Facial Emotion Recognition with AI
A deep learning project exploring facial emotion recognition through CNN architecture comparison, data augmentation, and real-time webcam inference.
Visit repositoryFraming the problem
This project explored facial emotion recognition as a computer vision task, with the objective of classifying the seven basic emotions: neutral, happiness, sadness, fear, anger, disgust, and surprise.
Beyond simple image classification, the challenge was to build a system capable of extracting meaningful emotional cues from low-resolution facial data, despite class imbalance, visual ambiguity, and overlapping expressions.
Data Foundation
The project was built on FER2013, a public dataset containing roughly 35,900 grayscale facial images at 48×48 resolution, labeled across seven emotion categories.
Preparing this data correctly was essential: the images were normalized, organized into PyTorch-compatible pipelines, and carefully structured for both training and evaluation.
Architecture study
A key part of the project was comparing several convolutional architectures, including custom CNNs, VGG-style models, and ResNet-based approaches.

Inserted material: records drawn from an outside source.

(* Let $\mathcal{T}$ be an almost linear iteration tree with tree order $T$, and let $\lambda\le\mathrm{lh}(\mathcal{T})$ be a limit ordinal (or $\lambda=\mathrm{OR}$). Then $\mathcal{T}\restriction\lambda$ has a unique cofinal branch $b$, and if $\lambda<\mathrm{lh}(\mathcal{T})$ then $b=[0,\lambda)_T$.
   Context: Iteration trees are as in inner model theory (Mitchell–Steel, ''Fine structure and iteration trees''): $T$ is the tree order on $\mathrm{lh}(\mathcal{T})$, $[0,\alpha)_T$ denotes the set of $T$-predecessors of $\alpha$, and $T\text{-pred}(i+1)$ is the immediate $T$-predecessor of $i+1$. An iteration tree $\mathcal{T}$ is almost linear if (a) for all $i+1<\mathrm{lh}(\mathcal{T})$ we have $T\text{-pred}(i+1)\in[0,i]_T$, and (b) every $i<\mathrm{lh}(\mathcal{T})$ has only finitely many immediate $T$-successors. A cofinal branch of $\mathcal{T}\restriction\lambda$ is a set $b\subseteq\lambda$ which is linearly ordered and downward closed under $T$ and unbounded in $\lambda$. *)

(* Ordinals are modelled by an arbitrary well-ordered type
   (O, lt); initial segments of O (downward closed predicates) play the role
   of ordinals <= the order type of O, with the whole of O playing OR. *)
From Stdlib Require Import List.
Set Implicit Arguments.

Section Ord.
Variable O : Type.
Variable lt : O -> O -> Prop.

Definition le (x y : O) : Prop := lt x y \/ x = y.

Definition is_wellorder : Prop :=
  (forall x, ~ lt x x) /\
  (forall x y z, lt x y -> lt y z -> lt x z) /\
  (forall x y, lt x y \/ x = y \/ lt y x) /\
  well_founded lt.

Definition is_min (z : O) : Prop := forall x, le z x.
Definition is_succ (a b : O) : Prop := lt a b /\ forall x, lt a x -> le b x.
Definition is_limit (l : O) : Prop :=
  (exists x, lt x l) /\ forall x, lt x l -> exists y, lt x y /\ lt y l.

Definition downward_closed (S : O -> Prop) : Prop :=
  forall x y, lt x y -> S y -> S x.
(* a limit initial segment: nonempty, with no largest element;
   these are exactly the limit ordinals and OR (= all of O) *)
Definition limit_segment (L : O -> Prop) : Prop :=
  downward_closed L /\ (exists x, L x) /\
  forall x, L x -> exists y, L y /\ lt x y.

Variable T : O -> O -> Prop.   (* tree order: T x y means x <_T y *)

Definition Tle (x y : O) : Prop := T x y \/ x = y.
Definition Tpred (p j : O) : Prop := T p j /\ forall x, T x j -> Tle x p.

(* T is the tree order of an iteration tree of length lh
   (Mitchell-Steel, Fine structure and iteration trees, Def. 5.1) *)
Definition iteration_tree_order (lh : O -> Prop) : Prop :=
  downward_closed lh /\
  (forall a b, T a b -> lh a /\ lh b) /\
  (forall a b, T a b -> lt a b) /\
  (forall a b c, T a b -> T b c -> T a c) /\
  (forall a c b, T a b -> T c b -> a = c \/ T a c \/ T c a) /\
  (forall z b, is_min z -> lh b -> b <> z -> T z b) /\
  (forall a b, is_succ a b -> lh b -> exists p, Tpred p b) /\
  (* for limit l < lh, [0,l)_T is club in l *)
  (forall l, is_limit l -> lh l ->
     (forall x, lt x l -> exists y, lt x y /\ T y l) /\
     (forall g, lt g l -> is_limit g ->
        (forall x, lt x g -> exists y, lt x y /\ lt y g /\ T y l) -> T g l)).
(* Let $G=(V,D,B)$ be a mixed graph, $v\in V$, and $A\subseteq V\setminus(\{v\}\cup\mathrm{sib}(v))$. There exists a set $Y\subseteq A$ satisfying the half-trek criterion with respect to $v$ if and only if the maximum flow in the network $G_{\mathrm{flow}}(v,A)$ has size $|\mathrm{pa}(v)|$.
   Context: A mixed graph is $G=(V,D,B)$ with $V=[m]$, $D$ directed edges $v\to w$, $B$ symmetric bidirected edges $v\leftrightarrow w$, no self-loops. $\mathrm{pa}(v)=\{w:w\to v\in D\}$, $\mathrm{sib}(v)=\{w:w\leftrightarrow v\in B\}$. A half-trek from $y$ to $w$ is a path $y\leftrightarrow w_0\to w_1\to\cdots\to w_r=w$ (left side $\{y\}$, right side $\{w_0,\dots,w_r\}$) or $y\to w_1\to\cdots\to w_r=w$, $r\ge0$ (left side $\{y\}$, right side $\{y,w_1,\dots,w_r\}$); nodes may repeat. A system of half-treks from $X$ to $Y$: half-treks with distinct sources forming $X$ and distinct targets forming $Y$; no sided intersection: pairwise disjoint left sides and pairwise disjoint right sides. $Y$ satisfies the half-trek criterion w.r.t. $v$ if $|Y|=|\mathrm{pa}(v)|$, $Y\cap(\{v\}\cup\mathrm{sib}(v))=\emptyset$, and there is a system of half-treks with no sided intersection from $Y$ to $\mathrm{pa}(v)$. Flows: given a directed graph with source $s$, sink $t$, node capacities $c_V\ge0$ and edge capacities $c_D\ge0$, a flow is $f:\text{edges}\to\mathbb{R}_{\ge0}$ with $f(e)\le c_D(e)$ for all edges and, for every node $x\ne s,t$, $\sum_u f(u,x)=\sum_w f(x,w)\le c_V(x)$; its size is $|f|=\sum_w f(s,w)$. The network $G_{\mathrm{flow}}(v,A)$ has nodes $s,t$, a node $L(a)$ for each $a\in A$, and a node $R(w)$ for each $w\in V$; its edges are $s\to L(a)$ and $L(a)\to R(a)$ for each $a\in A$, $L(a)\to R(w)$ for each $a\in A$ and $w$ with $a\leftrightarrow w\in B$, $R(w)\to R(u)$ for each $w\to u\in D$, and $R(w)\to t$ for each $w\in\mathrm{pa}(v)$. All edges and the nodes $s,t$ have capacity $\infty$; all other nodes have capacity $1$. *)

From HB Require Import structures.
From mathcomp Require Import all_boot all_order all_algebra.
Set Implicit Arguments. Unset Strict Implicit. Unset Printing Implicit Defensive.
Import Order.TTheory GRing.Theory Num.Theory.

(*  D w u  <->  w -> u in D ;   B w u  <->  w <-> u in B               *)

Definition mixed_graph (m : nat) (D B : rel 'I_m) : Prop :=
  (forall x, ~~ D x x) /\ (forall x, ~~ B x x) /\ (forall x y, B x y = B y x).

Definition pa m (D : rel 'I_m) (v : 'I_m) : {set 'I_m} := [set w | D w v].
Definition sib m (B : rel 'I_m) (v : 'I_m) : {set 'I_m} := [set w | B w v].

This comparison helped evaluate the trade-offs between model complexity, convergence stability, and generalization on compact grayscale facial inputs. ResNet ultimately emerged as the most reliable solution, offering the best balance between performance and robustness across the different emotion classes.
Training Strategy
The training pipeline was developed in PyTorch using Adam, batched loading, and repeated evaluation across epochs.

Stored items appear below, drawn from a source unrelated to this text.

(* One has $$[4;\overline{4}]+[0;3,\overline{1,3,1,2}]=\frac92=[3;1,3,\overline{4}]+[0;\overline{1,2,1,3}].$$ In particular, $$\frac92=m(\overline{4}\,3\,\overline{1312})=\lim_{n\to\infty}m\big(\overline{4^n\,3\,(1312)^n\,1313}\big)\in L\cap\mathbb{Q}.$$
   Context: Overlines in continued fractions denote infinite periodic repetition of the indicated block. $\overline{4}\,3\,\overline{1312}$ denotes the bi-infinite sequence $\dots4443131213121312\dots$ (all $4$'s to the left of a single $3$, followed by periodic repetition of $1312$), and $\overline{4^n3(1312)^n1313}$ denotes the bi-infinite periodic sequence obtained by repeating the finite block consisting of $n$ copies of $4$, then $3$, then $n$ copies of $1312$, then $1313$. For $\underline a\in(\mathbb{N}^* )^{\mathbb{Z}}$, $\lambda_0(\underline a)=[a_0;a_1,\dots]+[0;a_{-1},a_{-2},\dots]$, $m(\underline a)=\sup_n\lambda_0(\sigma^n\underline a)$ with $\sigma$ the left shift, and $L=\{\limsup_{n\to\infty}\lambda_0(\sigma^n\underline a):\underline a\in(\mathbb{N}^* )^{\mathbb{Z}}\}$ is the Lagrange spectrum. *)

From Stdlib Require Import Reals ZArith List Lra.
From Coquelicot Require Import Coquelicot.
Import ListNotations.
Open Scope R_scope.

Fixpoint cf_fin (n : nat) (a : nat -> nat) : R :=
  match n with
  | O => INR (a O)
  | S n' => INR (a O) + / cf_fin n' (fun k => a (S k))
  end.

(* Infinite continued fraction [a_0; a_1, a_2, ...] := limit of the convergents
   (which exists whenever a_k >= 1 for k >= 1). *)
Definition cf (a : nat -> nat) : R := real (Lim_seq (fun n => cf_fin n a)).

Definition shiftZ (n : Z) (a : Z -> nat) : Z -> nat := fun i => a (i + n)%Z.

(* lambda_0(a) = [a_0; a_1, ...] + [0; a_{-1}, a_{-2}, ...]
   where [0; b_1, b_2, ...] = 1 / [b_1; b_2, ...]. *)
Definition lambda0 (a : Z -> nat) : R :=
  cf (fun k => a (Z.of_nat k)) + / cf (fun k => a (- Z.of_nat k - 1)%Z).

Definition mval (a : Z -> nat) : Rbar :=
  Lub_Rbar (fun x => exists n : Z, x = lambda0 (shiftZ n a)).

Definition in_Lagrange (x : R) : Prop :=
  exists a : Z -> nat, (forall i, (0 < a i)%nat) /\
    LimSup_seq (fun n : nat => lambda0 (shiftZ (Z.of_nat n) a)) = Finite x.

(* Periodic extension of a finite block b (indexed so that position 0 is b_0). *)
Definition periodic (b : list nat) : Z -> nat :=
  fun i => nth (Z.to_nat (i mod Z.of_nat (length b))) b 1%nat.

Definition block (n : nat) : list nat :=
  repeat 4%nat n ++ [3%nat] ++ concat (repeat [1;3;1;2]%nat n) ++ [1;3;1;3]%nat.

(* The sequence  ...444 3 131213121312...  (3 at position 0). *)
Definition seq43 : Z -> nat :=
  fun i => if (i <? 0)%Z then 4%nat
           else if (i =? 0)%Z then 3%nat
           else nth (Z.to_nat ((i - 1) mod 4)) [1;3;1;2]%nat 1%nat.

Definition all4 : nat -> nat := fun _ => 4%nat.
Definition s3_1312 : nat -> nat :=
  fun k => match k with O => 3%nat | S j => nth (j mod 4) [1;3;1;2]%nat 1%nat end.
Definition s313_4 : nat -> nat :=
  fun k => match k with O => 3%nat | 1 => 1%nat | 2 => 3%nat | _ => 4%nat end.
Definition s1213 : nat -> nat := fun k => nth (k mod 4) [1;2;1;3]%nat 1%nat.

From Stdlib Require Import Reals ZArith List Lia Lra FunctionalExtensionality.
From Coquelicot Require Import Coquelicot.
Import ListNotations.
Open Scope R_scope.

To improve generalization, we applied data augmentation techniques adapted to facial imagery, mainly rotations and flips, in order to enrich the dataset without changing the semantic meaning of the expressions.

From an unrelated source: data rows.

Definition is_terminal (C : cwf) (X : ob C) : Prop :=
  isOb X /\ forall G, isOb G ->
    exists f, isHom G X f /\ forall g, isHom G X g -> g = f.

Definition qq (C : cwf) (D G : ob C) (A : ty C) (f : hom C) : hom C :=
  pair G A (comp f (pp D (tsub A f))) (vv D (tsub A f)).

Section IsCwf.
Variable C : cwf.
Local Notation isOb := (@isOb C).
Local Notation isHom := (@isHom C).
Local Notation isTy := (@isTy C).
Local Notation isTm := (@isTm C).
Local Notation comp := (@comp C).
Local Notation idm := (@idm C).
Local Notation tsub := (@tsub C).
Local Notation msub := (@msub C).
Local Notation ext := (@ext C).
Local Notation pp := (@pp C).
Local Notation vv := (@vv C).
Local Notation pair := (@pair C).
Record is_cwf : Prop := {
  cw_hom_ob : forall D G f, isHom D G f -> isOb D /\ isOb G;
  cw_comp_hom : forall E D G g f, isHom D G g -> isHom E D f -> isHom E G (comp g f);
  cw_id_hom : forall G, isOb G -> isHom G G (idm G);
  cw_comp_assoc : forall X E D G h g f, isHom D G h -> isHom E D g -> isHom X E f ->
      comp h (comp g f) = comp (comp h g) f;
  cw_id_l : forall D G f, isHom D G f -> comp (idm G) f = f;
  cw_id_r : forall D G f, isHom D G f -> comp f (idm D) = f;
  cw_terminal : is_terminal (one C);
  cw_ty_ob : forall G A, isTy G A -> isOb G;
  cw_tsub_ty : forall D G A f, isTy G A -> isHom D G f -> isTy D (tsub A f);
  cw_tsub_id : forall G A, isTy G A -> tsub A (idm G) = A;
  cw_tsub_comp : forall E D G A f g, isTy G A -> isHom D G f -> isHom E D g ->
      tsub A (comp f g) = tsub (tsub A f) g;
  cw_tm_ty : forall G A a, isTm G A a -> isTy G A;
  cw_msub_tm : forall D G A a f, isTm G A a -> isHom D G f ->
      isTm D (tsub A f) (msub a f);
  cw_msub_id : forall G A a, isTm G A a -> msub a (idm G) = a;
  cw_msub_comp : forall E D G A a f g, isTm G A a -> isHom D G f -> isHom E D g ->
      msub a (comp f g) = msub (msub a f) g;
  cw_ext_ob : forall G A, isTy G A -> isOb (ext G A);
  cw_pp_hom : forall G A, isTy G A -> isHom (ext G A) G (pp G A);
  cw_vv_tm : forall G A, isTy G A -> isTm (ext G A) (tsub A (pp G A)) (vv G A);
  cw_pair_hom : forall D G A f a, isTy G A -> isHom D G f -> isTm D (tsub A f) a ->
      isHom D (ext G A) (pair G A f a);
  cw_pp_pair : forall D G A f a, isTy G A -> isHom D G f -> isTm D (tsub A f) a ->
      comp (pp G A) (pair G A f a) = f;
  cw_vv_pair : forall D G A f a, isTy G A -> isHom D G f -> isTm D (tsub A f) a ->
      msub (vv G A) (pair G A f a) = a;
  cw_pair_eta : forall D G A h, isTy G A -> isHom D (ext G A) h ->
      pair G A (comp (pp G A) h) (msub (vv G A) h) = h;
  cw_pair_comp : forall E D G A f a g, isTy G A -> isHom D G f ->
      isTm D (tsub A f) a -> isHom E D g ->
      comp (pair G A f a) g = pair G A (comp f g) (msub a g) }.
End IsCwf.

Hyperparameter optimization
To move beyond manual trial and error, we used Optuna to explore stronger model configurations more efficiently.
The optimization process covered learning rate, batch size, dropout, hidden dimensions, number of epochs, and architecture choice.
Reading model behavior
Rather than focusing only on final accuracy, we also analyzed how the models behaved during training and evaluation. Confusion matrices, validation curves, and failed runs revealed recurring weaknesses, especially between visually similar emotions such as sadness and neutral, or fear and anger.
The strongest ResNet-based configuration reached about 60% accuracy, while also making clear how much facial emotion recognition depends on both architecture design and the inherent ambiguity of the data itself.
Project Outcome
This project resulted in a full facial emotion recognition pipeline combining computer vision research, deep learning model design, hyperparameter optimization, and real-time inference.
More importantly, it gave us practical experience with PyTorch training workflows, architecture benchmarking, data augmentation, confusion-matrix analysis, and the challenges of translating model performance into usable interactive systems.